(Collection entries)

+++++

(* Let $\alpha>1$ and let $X=\{x_j:j\in J\}\subset\mathbb{R}^2$ be finite. If $s_2^*$ is equidistant from all points of $X$, then $s_\alpha^*=s_2^*$.
   Context: For $\beta>1$, $s_\beta^*$ denotes the unique minimiser of $P_\beta(s,X)=\sum_{j\in J}\|s-x_j\|^\beta+\max_{j\in J}\|s-x_j\|^\beta$ over $s\in\mathbb{R}^2$. *)

From mathcomp Require Import all_boot all_order all_algebra.
From mathcomp Require Import all_classical all_reals all_analysis.
Set Implicit Arguments. Unset Strict Implicit. Unset Printing Implicit Defensive.
Import Order.TTheory GRing.Theory Num.Theory.
Local Open Scope ring_scope.

Definition dist2 {R : realType} (s x : R * R) : R :=
  Num.sqrt ((s.1 - x.1) ^+ 2 + (s.2 - x.2) ^+ 2).

(* P_beta(s, X) = sum_j ||s - x_j||^beta + max_j ||s - x_j||^beta,
   with X given as a family x : J -> R^2 over a finite index type J.
   The max of nonnegative reals is taken with neutral element 0. *)
Definition Pbeta {R : realType} {J : finType} (beta : R) (x : J -> R * R)
    (s : R * R) : R :=
  \sum_(j : J) powR (dist2 s (x j)) beta
  + \big[Num.max/0]_(j : J) powR (dist2 s (x j)) beta.

Definition is_minimiser {R : realType} {J : finType} (beta : R)
    (x : J -> R * R) (s : R * R) : Prop :=
  forall t : R * R, Pbeta beta x s <= Pbeta beta x t.

Definition equidistant {R : realType} {J : finType} (x : J -> R * R)
    (s : R * R) : Prop :=
  exists r : R, forall j : J, dist2 s (x j) = r.

From mathcomp Require Import all_boot all_order all_algebra.
From mathcomp Require Import all_classical all_reals all_analysis.
From mathcomp Require Import lra ring.
Import Order.TTheory GRing.Theory Num.Theory.
Set Implicit Arguments.
Unset Strict Implicit.
Unset Printing Implicit Defensive.
Local Open Scope ring_scope.

(* Let c = s_2^* be at distance r from every x_j and put u_j = x_j - c.
   Moving c in a direction w changes P_2 to first order by
   -2 (sum_j <w, u_j> + min_j <w, u_j>), so minimality of c forces this
   bracket to be nonpositive for every w.  For alpha > 1 the tangent line of
   d |-> d^alpha at r gives ||t - x_j||^alpha > r^alpha - K <t - c, u_j> with
   K = alpha r^(alpha - 2) >= 0, strictly as soon as t <> c.  Adding these
   bounds, and the one at an index minimising <t - c, u_j> for the max term,
   yields P_alpha(t) > (|J| + 1) r^alpha = P_alpha(c) for every t <> c. *)

Section PowerTangent.
Variables (R : realType) (a : R).
Hypothesis a_gt1 : 1 < a.

Lemma bernoulli_powR_lt (q : R) :
  0 <= q -> q != 1 -> a * q < powR q a + a - 1.
Proof.
rewrite le_eqVlt => /predU1P[<- _|q_gt0 q_neq1].
  by rewrite powR0 ?mulr0 ?add0r ?subr_gt0 // gt_eqF // (lt_trans ltr01).
have qE : q = expR (ln q) by rewrite lnK.
set z := ln q in qE *.
have z_neq0 : z != 0 by apply: contra q_neq1 => /eqP z0; rewrite qE z0 expR0.
have powE : powR q a = expR z * expR ((a - 1) * z).
  by rewrite /powR gt_eqF // -/z -expRD; congr expR; ring.
have gt1 : 1 + (a - 1) * z < expR ((a - 1) * z).
  by apply: expR_gt1Dx; rewrite mulf_neq0 // subr_eq0 gt_eqF.
have ltexp : expR z * (1 - z) < 1.
  have : 1 - z < expR (- z) by apply: expR_gt1Dx; rewrite oppr_eq0.
  by rewrite -(ltr_pM2l (expR_gt0 z)) -expRD subrr expR0.
have ez_gt0 := expR_gt0 z.
rewrite powE {1}qE.
have : expR z * (1 + (a - 1) * z) < expR z * expR ((a - 1) * z).
  by rewrite ltr_pM2l.
have : 0 < (a - 1) * (1 - expR z * (1 - z)) by rewrite mulr_gt0 // subr_gt0.
lra.
Qed.

(* [a * powR r a / r] is the derivative of [d |-> powR d a] at [r]. *)
Lemma powR_tangent_lt (r d : R) : 0 < r -> 0 <= d -> d != r ->
  powR r a + a * (powR r a / r) * (d - r) < powR d a.
Proof.
move=> r_gt0 d_ge0 d_neq_r.
have rP_gt0 : 0 < powR r a by rewrite powR_gt0.
have dE : d = d / r * r by rewrite divfK ?gt_eqF.
have -> : powR d a = powR (d / r) a * powR r a.
  by rewrite {1}dE powRM ?divr_ge0 // ltW.
have -> : powR r a + a * (powR r a / r) * (d - r)
    = (1 + a * (d / r) - a) * powR r a by field; rewrite gt_eqF.
rewrite ltr_pM2r //.
have : a * (d / r) < powR (d / r) a + a - 1.
  apply: bernoulli_powR_lt; first by rewrite divr_ge0 // ltW.
  by apply: contra d_neq_r => /eqP dr1; rewrite dE dr1 mul1r.
lra.
Qed.

End PowerTangent.

Section PlaneGeometry.
Variable R : realType.
Implicit Types (c s t y v w : R * R).

Definition dot v w : R := v.1 * w.1 + v.2 * w.2.

Lemma dot_ge0 v : 0 <= dot v v.
Proof. by rewrite /dot -!expr2 addr_ge0 ?sqr_ge0. Qed.

Lemma sqr_dist2 s y : dist2 s y ^+ 2 = dot (y - s) (y - s).
Proof.
rewrite /dist2 sqr_sqrtr ?addr_ge0 ?sqr_ge0 // /dot /=; ring.
Qed.

Lemma dot_sqr_le v w : dot v w ^+ 2 <= dot v v * dot w w.
Proof.
rewrite -subr_ge0.
have -> : dot v v * dot w w - dot v w ^+ 2 = (v.1 * w.2 - v.2 * w.1) ^+ 2.
  by rewrite /dot; ring.
exact: sqr_ge0.
Qed.

Lemma sqr_dist2_cosine c t y :
  dist2 t y ^+ 2 = dist2 c y ^+ 2 - 2 * dot (t - c) (y - c) + dot (t - c) (t - c).
Proof. by rewrite !sqr_dist2 /dot /=; ring. Qed.

Lemma powR_dist2_gt_linear (a r : R) c t y : 1 < a -> dist2 c y = r -> t != c ->
  powR r a - a * (powR r a / r ^+ 2) * dot (t - c) (y - c) < powR (dist2 t y) a.
Proof.
move=> a_gt1 cy_r t_neq_c.
set d := dist2 t y; set v := dot (t - c) (y - c); set W := dot (t - c) (t - c).
have d_ge0 : 0 <= d := sqrtr_ge0 _.
have r_ge0 : 0 <= r by rewrite -cy_r sqrtr_ge0.
have W_gt0 : 0 < W.
  rewrite lt_def dot_ge0 andbT; apply: contra t_neq_c.
  rewrite /W /dot /= -!expr2 paddr_eq0 ?sqr_ge0 //.
  rewrite !sqrf_eq0 !subr_eq0 => /andP[/eqP e1 /eqP e2].
  by rewrite (surjective_pairing t) (surjective_pairing c) e1 e2.
have dE : d ^+ 2 = r ^+ 2 - 2 * v + W by rewrite /d (sqr_dist2_cosine c) cy_r.
have CS : v ^+ 2 <= r ^+ 2 * W by rewrite -cy_r sqr_dist2 mulrC; exact: dot_sqr_le.
have [r0|r_neq0] := eqVneq r 0.
  have v0 : v = 0.
    apply/eqP; rewrite -sqrf_eq0 eq_le sqr_ge0 andbT.
    by move: CS; rewrite r0 [0 ^+ 2]expr2 !mul0r.
  have d_gt0 : 0 < d.
    by rewrite lt_def d_ge0 andbT; apply/eqP => d0; move: dE; rewrite d0 r0 v0; lra.
  rewrite r0 v0 powR0 ?mulr0 ?subr0 ?powR_gt0 // gt_eqF //; lra.
have r_gt0 : 0 < r by rewrite lt_def r_neq0.
have rP_gt0 : 0 < powR r a by rewrite powR_gt0.
set K := a * (powR r a / r ^+ 2).
have K_gt0 : 0 < K by rewrite mulr_gt0 ?divr_gt0 ?exprn_gt0 //; lra.
have [d_eq_r|d_neq_r] := eqVneq d r.
  have v_gt0 : 0 < v by move: dE; rewrite d_eq_r; lra.
  by rewrite d_eq_r -[ltRHS]subr0 ltrD2l ltrN2 mulr_gt0.
apply: le_lt_trans (powR_tangent_lt a_gt1 r_gt0 d_ge0 d_neq_r).
have -> : a * (powR r a / r) * (d - r) = K * (r * d - r ^+ 2).
  by rewrite /K; field; rewrite gt_eqF.
rewrite lerD2l -mulrN ler_pM2l //.
have : (r ^+ 2 - v) ^+ 2 <= (r * d) ^+ 2 by rewrite exprMn dE; nra.
have : 0 <= r * d by rewrite mulr_ge0.
nra.
Qed.

End PlaneGeometry.

Section SumMax.
Variables (R : realType) (J : finType).
Implicit Types (f g v : J -> R).

Lemma sum_bigmax_const f (C : R) (j0 : J) : 0 <= C -> (forall j, f j = C) ->
  \sum_j f j + \big[Num.max/0]_j f j = (#|J|%:R + 1) * C.
Proof.
move=> C_ge0 fC; rewrite (eq_bigr _ (fun j _ => fC j)) sumr_const.
have -> : \big[Num.max/0]_j f j = C.
  apply/le_anti; rewrite bigmax_le //= -?(fC j0) ?le_bigmax // => j _.
  by rewrite !fC.
by rewrite mulrDl mul1r mulr_natl.
Qed.

Lemma sum_bigmax_gt f g (k : J) : (forall j, g j < f j) ->
  \sum_j g j + g k < \sum_j f j + \big[Num.max/0]_j f j.
Proof.
move=> gf; apply: ltr_leD; first by apply: ltr_sum => [|j _]; [apply/hasP; exists k|].
exact: le_trans (ltW (gf k)) (le_bigmax _ _ k).
Qed.

Lemma sum_bigmax_le f g (k : J) : (forall j, 0 <= f j) -> (forall j, f j <= g j) ->
  (forall j, g j <= g k) -> \sum_j f j + \big[Num.max/0]_j f j <= \sum_j g j + g k.
Proof.
move=> f_ge0 fg gk; apply: lerD; first by apply: ler_sum => j _.
by apply: bigmax_le => [|j _]; [exact: le_trans (f_ge0 k) (fg k) | exact: le_trans (fg j) (gk j)].
Qed.

Lemma sum_affine_add (A B : R) v (k : J) :
  \sum_j (A + B * v j) + (A + B * v k) = (#|J|%:R + 1) * A + B * (\sum_j v j + v k).
Proof. by rewrite big_split /= sumr_const -mulr_sumr -mulr_natl; ring. Qed.

End SumMax.

Lemma le0_of_forall_gt0_le_mul (R : realFieldType) (S A : R) :
  (forall eps, 0 < eps -> S <= eps * A) -> S <= 0.
Proof.
move=> le_epsA; apply/ler_addgt0Pr => e e_gt0; rewrite add0r.
have nA_gt0 : 0 < `|A| + 1 by rewrite ltr_wpDl.
apply: le_trans (le_epsA _ (divr_gt0 e_gt0 nA_gt0)) _.
rewrite mulrAC ler_pdivrMr // ler_pM2l //.
by have := ler_norm A; lra.
Qed.

Section Minimisers.
Variables (R : realType) (J : finType) (x : J -> R * R).

Lemma is_minimiser2_first_order (c w : R * R) (r : R) (k : J) :
  is_minimiser 2 x c -> (forall j, dist2 c (x j) = r) ->
  (forall j, dot w (x k - c) <= dot w (x j - c)) ->
  \sum_j dot w (x j - c) + dot w (x k - c) <= 0.
Proof.
move=> min2 cx_r hk.
set v := fun j => dot w (x j - c); set S := \sum_j v j + v k.
have r_ge0 : 0 <= r by rewrite -(cx_r k) sqrtr_ge0.
have Pc : Pbeta 2 x c = (#|J|%:R + 1) * r ^+ 2.
  by rewrite /Pbeta (sum_bigmax_const k (sqr_ge0 r)) // => j; rewrite cx_r powR_mulrn.
have shiftE eps j : powR (dist2 (c.1 + eps * w.1, c.2 + eps * w.2) (x j)) 2
    = r ^+ 2 + eps ^+ 2 * dot w w + (- 2 * eps) * v j.
  by rewrite powR_mulrn ?sqrtr_ge0 // -(cx_r j) !sqr_dist2 /v /dot /=; ring.
have Pshift eps : 0 <= eps -> Pbeta 2 x (c.1 + eps * w.1, c.2 + eps * w.2)
    <= (#|J|%:R + 1) * (r ^+ 2 + eps ^+ 2 * dot w w) + (- 2 * eps) * S.
  move=> eps_ge0; rewrite -sum_affine_add.
  apply: sum_bigmax_le => j; [exact: powR_ge0 | by rewrite shiftE |].
  by rewrite lerD2l ler_wnM2l ?hk //; lra.
apply: (@le0_of_forall_gt0_le_mul _ _ ((#|J|%:R + 1) * dot w w / 2)) => eps eps_gt0.
have := min2 (c.1 + eps * w.1, c.2 + eps * w.2).
move/le_trans/(_ (Pshift eps (ltW eps_gt0))); rewrite Pc => le_shift.
rewrite -(ler_pM2l (_ : 0 < 2 * eps)) ?mulr_gt0 //.
lra.
Qed.

Lemma Pbeta_lt_off_centre (a r : R) (c t : R * R) (k : J) :
  1 < a -> (forall j, dist2 c (x j) = r) -> t != c ->
  \sum_j dot (t - c) (x j - c) + dot (t - c) (x k - c) <= 0 ->
  Pbeta a x c < Pbeta a x t.
Proof.
move=> a_gt1 cx_r t_neq_c S_le0.
have Pc : Pbeta a x c = (#|J|%:R + 1) * powR r a.
  by rewrite /Pbeta (sum_bigmax_const k (powR_ge0 r a)) // => j; rewrite cx_r.
set K := a * (powR r a / r ^+ 2).
have K_ge0 : 0 <= K.
  by rewrite mulr_ge0 ?divr_ge0 ?powR_ge0 ?sqr_ge0 // ltW // (lt_trans ltr01).
have tangent_lt j :
    powR r a + - K * dot (t - c) (x j - c) < powR (dist2 t (x j)) a.
  by rewrite mulNr; exact: powR_dist2_gt_linear a_gt1 (cx_r j) t_neq_c.
rewrite Pc; apply: le_lt_trans (sum_bigmax_gt k tangent_lt).
rewrite sum_affine_add lerDl.
by rewrite mulr_le0 // oppr_le0.
Qed.

End Minimisers.

Unset Implicit Arguments.

Theorem proposition6 (R : realType) (J : finType) (j0 : J)
    (x : J -> R * R) (alpha : R) (s2 salpha : R * R) :
  1 < alpha ->
  is_minimiser 2 x s2 ->
  equidistant x s2 ->
  is_minimiser alpha x salpha ->
  salpha = s2.
Proof.
move=> alpha_gt1 min2 [r s2x_r] min_alpha.
have [//|salpha_neq_s2] := eqVneq salpha s2.
set v := fun j => dot (salpha - s2) (x j - s2).
have [k _ k_min] := @arg_minP _ _ J j0 predT v isT.
have S_le0 := is_minimiser2_first_order min2 s2x_r (fun j => k_min j isT).
have := Pbeta_lt_off_centre alpha_gt1 s2x_r salpha_neq_s2 S_le0.
by rewrite ltNge min_alpha.
Qed.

+++++

> Problem to solve: Start with the line above that contains "Lemma sum_bigmax_const f" and stop after the line that contains "End SumMax.". Output those lines exactly, and only those.

> Problem solution:
Lemma sum_bigmax_const f (C : R) (j0 : J) : 0 <= C -> (forall j, f j = C) ->
  \sum_j f j + \big[Num.max/0]_j f j = (#|J|%:R + 1) * C.
Proof.
move=> C_ge0 fC; rewrite (eq_bigr _ (fun j _ => fC j)) sumr_const.
have -> : \big[Num.max/0]_j f j = C.
  apply/le_anti; rewrite bigmax_le //= -?(fC j0) ?le_bigmax // => j _.
  by rewrite !fC.
by rewrite mulrDl mul1r mulr_natl.
Qed.

Lemma sum_bigmax_gt f g (k : J) : (forall j, g j < f j) ->
  \sum_j g j + g k < \sum_j f j + \big[Num.max/0]_j f j.
Proof.
move=> gf; apply: ltr_leD; first by apply: ltr_sum => [|j _]; [apply/hasP; exists k|].
exact: le_trans (ltW (gf k)) (le_bigmax _ _ k).
Qed.

Lemma sum_bigmax_le f g (k : J) : (forall j, 0 <= f j) -> (forall j, f j <= g j) ->
  (forall j, g j <= g k) -> \sum_j f j + \big[Num.max/0]_j f j <= \sum_j g j + g k.
Proof.
move=> f_ge0 fg gk; apply: lerD; first by apply: ler_sum => j _.
by apply: bigmax_le => [|j _]; [exact: le_trans (f_ge0 k) (fg k) | exact: le_trans (fg j) (gk j)].
Qed.

Lemma sum_affine_add (A B : R) v (k : J) :
  \sum_j (A + B * v j) + (A + B * v k) = (#|J|%:R + 1) * A + B * (\sum_j v j + v k).
Proof. by rewrite big_split /= sumr_const -mulr_sumr -mulr_natl; ring. Qed.

End SumMax.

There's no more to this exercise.